(Data extracted from a collection)

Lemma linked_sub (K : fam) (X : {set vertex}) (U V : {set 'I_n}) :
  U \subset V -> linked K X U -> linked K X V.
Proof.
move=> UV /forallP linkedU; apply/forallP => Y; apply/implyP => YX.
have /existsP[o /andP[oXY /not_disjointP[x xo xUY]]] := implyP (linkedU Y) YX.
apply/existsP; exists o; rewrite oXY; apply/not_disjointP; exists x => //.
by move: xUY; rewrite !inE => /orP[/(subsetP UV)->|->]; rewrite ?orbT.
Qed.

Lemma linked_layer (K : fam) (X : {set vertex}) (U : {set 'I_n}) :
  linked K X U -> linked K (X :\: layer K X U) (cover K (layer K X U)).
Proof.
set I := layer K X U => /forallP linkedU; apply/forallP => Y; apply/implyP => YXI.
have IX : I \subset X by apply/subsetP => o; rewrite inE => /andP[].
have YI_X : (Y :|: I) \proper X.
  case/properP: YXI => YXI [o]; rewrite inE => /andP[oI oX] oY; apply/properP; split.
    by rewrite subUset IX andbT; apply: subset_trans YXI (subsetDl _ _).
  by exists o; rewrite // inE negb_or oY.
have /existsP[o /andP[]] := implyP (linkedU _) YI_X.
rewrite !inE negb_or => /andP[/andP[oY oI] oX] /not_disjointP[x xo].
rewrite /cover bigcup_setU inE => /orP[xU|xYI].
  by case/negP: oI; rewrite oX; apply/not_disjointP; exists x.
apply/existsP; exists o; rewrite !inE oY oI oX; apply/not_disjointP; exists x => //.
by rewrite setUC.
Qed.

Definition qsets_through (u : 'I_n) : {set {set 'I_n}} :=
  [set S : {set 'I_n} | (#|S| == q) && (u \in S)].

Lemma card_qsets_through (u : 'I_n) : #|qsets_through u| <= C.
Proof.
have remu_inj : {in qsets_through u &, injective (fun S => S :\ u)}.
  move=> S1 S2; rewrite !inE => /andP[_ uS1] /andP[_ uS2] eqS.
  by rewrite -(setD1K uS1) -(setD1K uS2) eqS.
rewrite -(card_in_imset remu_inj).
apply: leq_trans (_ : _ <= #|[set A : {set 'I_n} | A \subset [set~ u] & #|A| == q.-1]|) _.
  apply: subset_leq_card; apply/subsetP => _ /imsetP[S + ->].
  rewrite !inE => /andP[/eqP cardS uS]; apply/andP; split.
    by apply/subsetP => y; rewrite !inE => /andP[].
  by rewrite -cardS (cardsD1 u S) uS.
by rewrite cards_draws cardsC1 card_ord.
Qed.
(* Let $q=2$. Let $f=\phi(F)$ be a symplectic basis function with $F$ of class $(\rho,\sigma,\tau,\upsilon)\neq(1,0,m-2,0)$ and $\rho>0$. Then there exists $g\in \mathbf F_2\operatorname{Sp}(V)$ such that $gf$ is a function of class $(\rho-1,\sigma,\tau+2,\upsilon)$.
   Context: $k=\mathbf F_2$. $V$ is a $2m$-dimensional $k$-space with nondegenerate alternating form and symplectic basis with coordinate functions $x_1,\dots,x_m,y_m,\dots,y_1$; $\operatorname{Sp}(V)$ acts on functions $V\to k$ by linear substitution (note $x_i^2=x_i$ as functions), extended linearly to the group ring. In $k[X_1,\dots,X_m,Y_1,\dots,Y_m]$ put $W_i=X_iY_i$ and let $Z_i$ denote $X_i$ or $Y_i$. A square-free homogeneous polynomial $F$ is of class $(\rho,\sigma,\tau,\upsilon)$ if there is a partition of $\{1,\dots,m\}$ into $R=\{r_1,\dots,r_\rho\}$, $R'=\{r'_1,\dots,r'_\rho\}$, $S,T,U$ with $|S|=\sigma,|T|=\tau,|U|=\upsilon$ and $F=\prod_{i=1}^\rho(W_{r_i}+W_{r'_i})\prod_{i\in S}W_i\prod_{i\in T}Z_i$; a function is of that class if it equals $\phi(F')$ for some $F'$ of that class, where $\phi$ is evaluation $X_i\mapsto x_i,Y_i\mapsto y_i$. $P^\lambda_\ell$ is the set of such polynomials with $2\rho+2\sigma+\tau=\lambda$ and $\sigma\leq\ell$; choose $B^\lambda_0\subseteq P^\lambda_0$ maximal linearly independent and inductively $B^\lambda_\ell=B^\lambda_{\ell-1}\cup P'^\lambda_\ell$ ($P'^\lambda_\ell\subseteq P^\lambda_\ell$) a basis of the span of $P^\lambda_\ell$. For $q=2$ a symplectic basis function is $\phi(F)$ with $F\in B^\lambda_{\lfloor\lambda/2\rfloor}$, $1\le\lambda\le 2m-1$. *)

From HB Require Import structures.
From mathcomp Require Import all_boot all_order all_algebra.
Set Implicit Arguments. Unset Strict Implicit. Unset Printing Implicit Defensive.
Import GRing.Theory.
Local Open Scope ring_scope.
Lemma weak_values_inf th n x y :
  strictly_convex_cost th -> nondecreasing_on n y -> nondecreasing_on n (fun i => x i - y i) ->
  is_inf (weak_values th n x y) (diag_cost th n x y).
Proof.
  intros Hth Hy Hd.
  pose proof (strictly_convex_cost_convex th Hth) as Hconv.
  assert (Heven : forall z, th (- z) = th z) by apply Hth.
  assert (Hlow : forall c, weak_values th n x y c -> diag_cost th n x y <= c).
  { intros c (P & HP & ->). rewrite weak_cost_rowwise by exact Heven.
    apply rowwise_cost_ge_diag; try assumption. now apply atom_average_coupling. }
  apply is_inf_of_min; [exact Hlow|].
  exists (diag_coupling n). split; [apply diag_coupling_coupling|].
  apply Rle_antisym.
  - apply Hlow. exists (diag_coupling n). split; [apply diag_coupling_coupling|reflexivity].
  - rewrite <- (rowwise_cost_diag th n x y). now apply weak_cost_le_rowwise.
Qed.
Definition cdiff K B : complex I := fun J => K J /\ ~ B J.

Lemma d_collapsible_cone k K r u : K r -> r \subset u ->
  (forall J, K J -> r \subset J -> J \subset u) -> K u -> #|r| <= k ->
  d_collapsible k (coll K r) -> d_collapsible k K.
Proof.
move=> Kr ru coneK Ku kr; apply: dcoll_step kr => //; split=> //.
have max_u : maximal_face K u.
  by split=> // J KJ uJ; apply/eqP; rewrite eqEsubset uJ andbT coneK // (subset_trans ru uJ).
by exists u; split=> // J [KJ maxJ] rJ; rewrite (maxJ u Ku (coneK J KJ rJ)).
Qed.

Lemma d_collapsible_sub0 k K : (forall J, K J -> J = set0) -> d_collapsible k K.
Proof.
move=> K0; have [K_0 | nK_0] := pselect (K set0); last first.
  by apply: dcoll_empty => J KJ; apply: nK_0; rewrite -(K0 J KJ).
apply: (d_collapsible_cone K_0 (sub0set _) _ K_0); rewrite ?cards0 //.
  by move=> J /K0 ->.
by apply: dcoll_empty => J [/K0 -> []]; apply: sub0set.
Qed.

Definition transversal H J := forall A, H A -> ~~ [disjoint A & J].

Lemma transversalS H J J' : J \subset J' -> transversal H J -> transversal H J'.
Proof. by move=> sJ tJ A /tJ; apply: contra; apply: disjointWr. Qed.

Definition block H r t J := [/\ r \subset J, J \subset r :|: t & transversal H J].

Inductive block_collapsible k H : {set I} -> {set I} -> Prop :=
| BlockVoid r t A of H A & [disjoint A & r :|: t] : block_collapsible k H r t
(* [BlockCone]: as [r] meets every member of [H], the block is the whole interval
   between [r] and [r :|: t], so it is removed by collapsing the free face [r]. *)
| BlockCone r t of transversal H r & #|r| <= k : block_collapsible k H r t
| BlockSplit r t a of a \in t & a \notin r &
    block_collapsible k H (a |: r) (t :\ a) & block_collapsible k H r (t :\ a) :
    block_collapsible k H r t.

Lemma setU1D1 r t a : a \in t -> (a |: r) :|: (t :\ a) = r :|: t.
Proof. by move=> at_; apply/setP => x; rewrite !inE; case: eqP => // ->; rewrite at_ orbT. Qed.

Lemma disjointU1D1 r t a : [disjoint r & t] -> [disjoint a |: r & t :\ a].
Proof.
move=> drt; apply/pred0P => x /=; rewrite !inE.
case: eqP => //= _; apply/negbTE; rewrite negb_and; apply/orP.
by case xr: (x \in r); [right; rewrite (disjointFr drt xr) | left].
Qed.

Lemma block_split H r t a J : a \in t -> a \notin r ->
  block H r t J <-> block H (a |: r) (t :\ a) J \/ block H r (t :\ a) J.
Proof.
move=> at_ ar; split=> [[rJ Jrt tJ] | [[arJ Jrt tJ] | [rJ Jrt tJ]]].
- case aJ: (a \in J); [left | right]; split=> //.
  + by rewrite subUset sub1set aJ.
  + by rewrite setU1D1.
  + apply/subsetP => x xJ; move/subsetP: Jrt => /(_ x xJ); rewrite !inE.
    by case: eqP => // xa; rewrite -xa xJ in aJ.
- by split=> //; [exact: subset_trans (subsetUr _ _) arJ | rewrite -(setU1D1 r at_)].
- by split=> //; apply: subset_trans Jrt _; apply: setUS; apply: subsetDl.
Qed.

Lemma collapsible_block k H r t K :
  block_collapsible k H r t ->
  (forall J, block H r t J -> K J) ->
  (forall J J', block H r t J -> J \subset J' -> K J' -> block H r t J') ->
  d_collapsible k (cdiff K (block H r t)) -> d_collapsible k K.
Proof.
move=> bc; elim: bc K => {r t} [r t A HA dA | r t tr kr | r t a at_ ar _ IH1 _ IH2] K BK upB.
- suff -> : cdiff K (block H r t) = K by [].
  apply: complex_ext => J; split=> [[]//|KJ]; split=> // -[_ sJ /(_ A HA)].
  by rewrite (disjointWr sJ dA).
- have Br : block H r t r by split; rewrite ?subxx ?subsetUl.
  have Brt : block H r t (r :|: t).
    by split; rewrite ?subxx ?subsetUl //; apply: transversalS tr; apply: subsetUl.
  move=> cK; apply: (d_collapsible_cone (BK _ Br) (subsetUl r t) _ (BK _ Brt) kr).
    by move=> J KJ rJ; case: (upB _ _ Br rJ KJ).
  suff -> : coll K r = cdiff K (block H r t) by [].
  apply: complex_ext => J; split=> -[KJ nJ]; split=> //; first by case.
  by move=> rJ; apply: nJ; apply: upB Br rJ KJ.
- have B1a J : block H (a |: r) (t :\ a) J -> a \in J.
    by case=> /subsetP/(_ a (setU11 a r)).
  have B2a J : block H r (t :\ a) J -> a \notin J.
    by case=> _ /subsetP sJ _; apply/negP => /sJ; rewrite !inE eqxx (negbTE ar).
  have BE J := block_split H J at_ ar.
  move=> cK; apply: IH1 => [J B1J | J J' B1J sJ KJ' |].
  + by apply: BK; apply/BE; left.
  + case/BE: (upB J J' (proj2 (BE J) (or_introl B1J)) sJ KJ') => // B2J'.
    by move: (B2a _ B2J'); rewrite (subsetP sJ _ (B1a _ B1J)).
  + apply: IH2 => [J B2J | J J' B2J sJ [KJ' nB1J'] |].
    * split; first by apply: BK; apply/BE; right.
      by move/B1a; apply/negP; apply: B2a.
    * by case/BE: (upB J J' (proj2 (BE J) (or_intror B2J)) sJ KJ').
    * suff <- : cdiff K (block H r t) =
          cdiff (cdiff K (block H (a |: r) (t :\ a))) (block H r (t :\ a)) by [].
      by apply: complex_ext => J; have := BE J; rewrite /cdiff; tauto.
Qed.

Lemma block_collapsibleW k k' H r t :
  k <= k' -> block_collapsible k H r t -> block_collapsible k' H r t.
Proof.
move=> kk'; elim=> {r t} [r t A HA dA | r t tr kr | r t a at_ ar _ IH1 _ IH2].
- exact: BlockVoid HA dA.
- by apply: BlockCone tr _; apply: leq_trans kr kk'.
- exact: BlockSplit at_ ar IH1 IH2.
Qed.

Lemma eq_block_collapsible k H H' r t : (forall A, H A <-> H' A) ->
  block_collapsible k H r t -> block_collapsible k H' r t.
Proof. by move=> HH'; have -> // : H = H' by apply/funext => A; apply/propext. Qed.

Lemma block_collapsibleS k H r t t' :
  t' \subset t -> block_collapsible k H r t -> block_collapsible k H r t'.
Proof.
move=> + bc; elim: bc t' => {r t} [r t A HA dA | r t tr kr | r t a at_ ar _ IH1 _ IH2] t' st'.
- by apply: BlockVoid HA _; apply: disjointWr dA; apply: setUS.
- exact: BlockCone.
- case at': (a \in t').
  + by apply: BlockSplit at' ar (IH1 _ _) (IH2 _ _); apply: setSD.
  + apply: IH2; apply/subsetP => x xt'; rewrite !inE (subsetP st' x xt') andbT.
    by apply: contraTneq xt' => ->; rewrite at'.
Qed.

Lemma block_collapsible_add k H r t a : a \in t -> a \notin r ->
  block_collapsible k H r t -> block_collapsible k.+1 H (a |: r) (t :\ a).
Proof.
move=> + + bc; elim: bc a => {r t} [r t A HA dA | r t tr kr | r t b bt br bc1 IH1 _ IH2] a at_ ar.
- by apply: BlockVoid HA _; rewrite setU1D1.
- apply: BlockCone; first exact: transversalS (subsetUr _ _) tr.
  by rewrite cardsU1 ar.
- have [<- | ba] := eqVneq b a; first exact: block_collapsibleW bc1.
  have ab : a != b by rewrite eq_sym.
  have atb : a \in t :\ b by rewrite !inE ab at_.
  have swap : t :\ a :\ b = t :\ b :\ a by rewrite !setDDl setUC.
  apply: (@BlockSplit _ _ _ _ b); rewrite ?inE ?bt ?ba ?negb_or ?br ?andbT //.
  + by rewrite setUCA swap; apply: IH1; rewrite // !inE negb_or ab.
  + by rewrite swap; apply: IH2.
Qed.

**Task goal**
Set down the lines above exactly as written. Begin at the line containing "by rewrite cardsU1 ar." and stop after the last line.

**Finished exercise**
  by rewrite cardsU1 ar.
- have [<- | ba] := eqVneq b a; first exact: block_collapsibleW bc1.
  have ab : a != b by rewrite eq_sym.
  have atb : a \in t :\ b by rewrite !inE ab at_.
  have swap : t :\ a :\ b = t :\ b :\ a by rewrite !setDDl setUC.
  apply: (@BlockSplit _ _ _ _ b); rewrite ?inE ?bt ?ba ?negb_or ?br ?andbT //.
  + by rewrite setUCA swap; apply: IH1; rewrite // !inE negb_or ab.
  + by rewrite swap; apply: IH2.
Qed.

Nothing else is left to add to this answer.